Currently in the mental health space, the field of AI has wrongly been very focused on trying to build LLMs that can be used as an alternative to traditional therapy. In fact, there are several cases out there already of dangerously failed attempts to do this.

For example, the National Eating Disorder Association (NEDA) had to remove their crisis chatbox Tessa, built by a group of researchers at Washington University with help from a startup, because it was consistently giving harmful information to its users (1). Individuals who used the service to help with their active eating disorders were being given advice that is well known to be dangerous when dealing with those kinds of mental health issues. Other mental health AIs like Koko, founded by Robert Norris using GPT-4, have also been found to give dangerous and false help. The founder himself gave a long statement on Twitter about their mistakes and its dangers (2). An AI chatbox known as Eliza, built by Chai using GPT-4, is being blamed for the suicide of a man in Belgium after it gave him harmful help and even seemed to suggest that he kill himself (3).

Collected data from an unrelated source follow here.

Lemma closedK : closed (K : set {ptws T -> R}).
Proof.
apply: compact_closed compactK; apply: hausdorff_product => _; exact: Rhausdorff.
Qed.

Lemma closed_faceK : K !=set0 -> closed_face K.
Proof. by move=> K0; split; [|exact: closedK| |move=> g h t Kg Kh]. Qed.

Lemma usc_on_eval x : usc_on (fun f => f x).
Proof.
move=> c; apply: closedI closedK _.
have := @preimage_closed {ptws T -> R} R (@proj T (fun=> R) x) _ _ (@closed_ge R c).
by apply=> f _; exact: proj_continuous.
Qed.

Lemma usc_on_closedI phi (G : set (T -> R)) c : usc_on phi ->
  closed (G : set {ptws T -> R}) -> G `<=` K ->
  closed (G `&` [set f | c <= phi f] : set {ptws T -> R}).
Proof.
move=> uphi clG GK; rewrite (_ : _ `&` _ = G `&` (K `&` [set f | c <= phi f])).
  exact: closedI.
by apply/seteqP; split => f [Gf cf]; [split => //; split => //; exact: GK | case: cf].
Qed.

Lemma argmax_neq0 phi (G : set (T -> R)) : usc_on phi -> G !=set0 ->
  closed (G : set {ptws T -> R}) -> G `<=` K ->
  argmax G phi !=set0.
Proof.
move=> uphi [g0 Gg0] clG GK.
pose F := [set G `&` [set f | phi g <= phi f] | g in G].
have [p /= pmax] : \bigcap_(A in F) A !=set0.
  apply: (@compact_total_bigcap_neq0 {ptws T -> R} K) => //.
  - by exists (G `&` [set f | phi g0 <= phi f]), g0.
  - move=> _ [g Gg <-]; split; first exact: usc_on_closedI.
      by exists g; split => //; exact: lexx.
    by move=> f [Gf _]; exact: GK.
  - move=> _ _ [g Gg <-] [h Gh <-]; have [gh|hg] := leP (phi g) (phi h).
      by right => f [Gf hf]; split => //; exact: le_trans hf.
    by left => f [Gf gf]; split => //; exact: le_trans (ltW hg) gf.
exists p; split; first by have [] := pmax _ (ex_intro2 _ _ g0 Gg0 erefl).
by move=> g Gg; have [] := pmax _ (ex_intro2 _ _ g Gg erefl).
Qed.

Lemma closed_face_argmax phi (G : set (T -> R)) : affine_on phi ->
  usc_on phi -> closed_face G -> closed_face (argmax G phi).
Proof.
move=> aphi uphi [G0 clG GK faceG].
have [p [Gp pmax]] := argmax_neq0 uphi G0 clG GK.
have -> : argmax G phi = G `&` [set f | phi p <= phi f].
  apply/seteqP; split => f [Gf fmax]; split => //; first exact: fmax.
  by move=> g Gg; exact: le_trans (pmax _ Gg) fmax.
split; [by exists p; split => //; exact: lexx | exact: usc_on_closedI | |].
  by move=> f [Gf _]; exact: GK.
move=> g h t Kg Kh t01 [/(faceG _ _ _ Kg Kh t01)[Gg Gh]]; rewrite /= aphi // => pc.
have /andP[t0 t1] := t01; have := pmax _ Gg; have := pmax _ Gh.
by split; split => //; nra.
Qed.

All in all, these cases go to show that AI chatboxes are very far from having the potential to be truly useful as alternatives to true mental health care and most likely will never really be fine tuned enough to do so given the sheer intricacies of individual experiences with mental illnesses.

Thinking into the future

Future directions of AI for the mental health world should instead think creatively about how we can support providers rather than replace them. One place that could be extremely valuable is in the early identification of risk, as well as the study of etiology and of illness and individual symptoms progression. 

As a PhD student in the department of psychology here at Berkeley, my own research focuses on the use of language models to explore identification of risk and etiology of externalizing psychopathology such as personality disorders and substance related issues. Currently, my work focuses on exploring the language that individuals with alcohol and cannabis use disorders use to speak and think about their habits with the aim of creating individual models of substance use related language. I hope that my work and the work of my colleagues will inspire other AI researchers to shift away from direct treatment oriented research and use their skills to help alleviate the pressures of the mental health process for patients, providers, and clinical researchers in other ways.


  1. Mccarthy, Lauren. 2023. “A Wellness Chatbot Is Offline after Its ‘harmful’ Focus on Weight Loss.” The New York Times, The New York Times.
  3. Lovens, Pierre-François. 2023.“‘sans Ces Conversations Avec Le Chatbot Eliza, Mon Mari Serait Toujours Là.’” La Libre.Be,


1 In the field of psychology it is usually preferred to refer to these algorithms as chatboxes instead of bots because it seems to make individuals, particularly patients, feel more comfortable with the idea of interacting with these algorithms.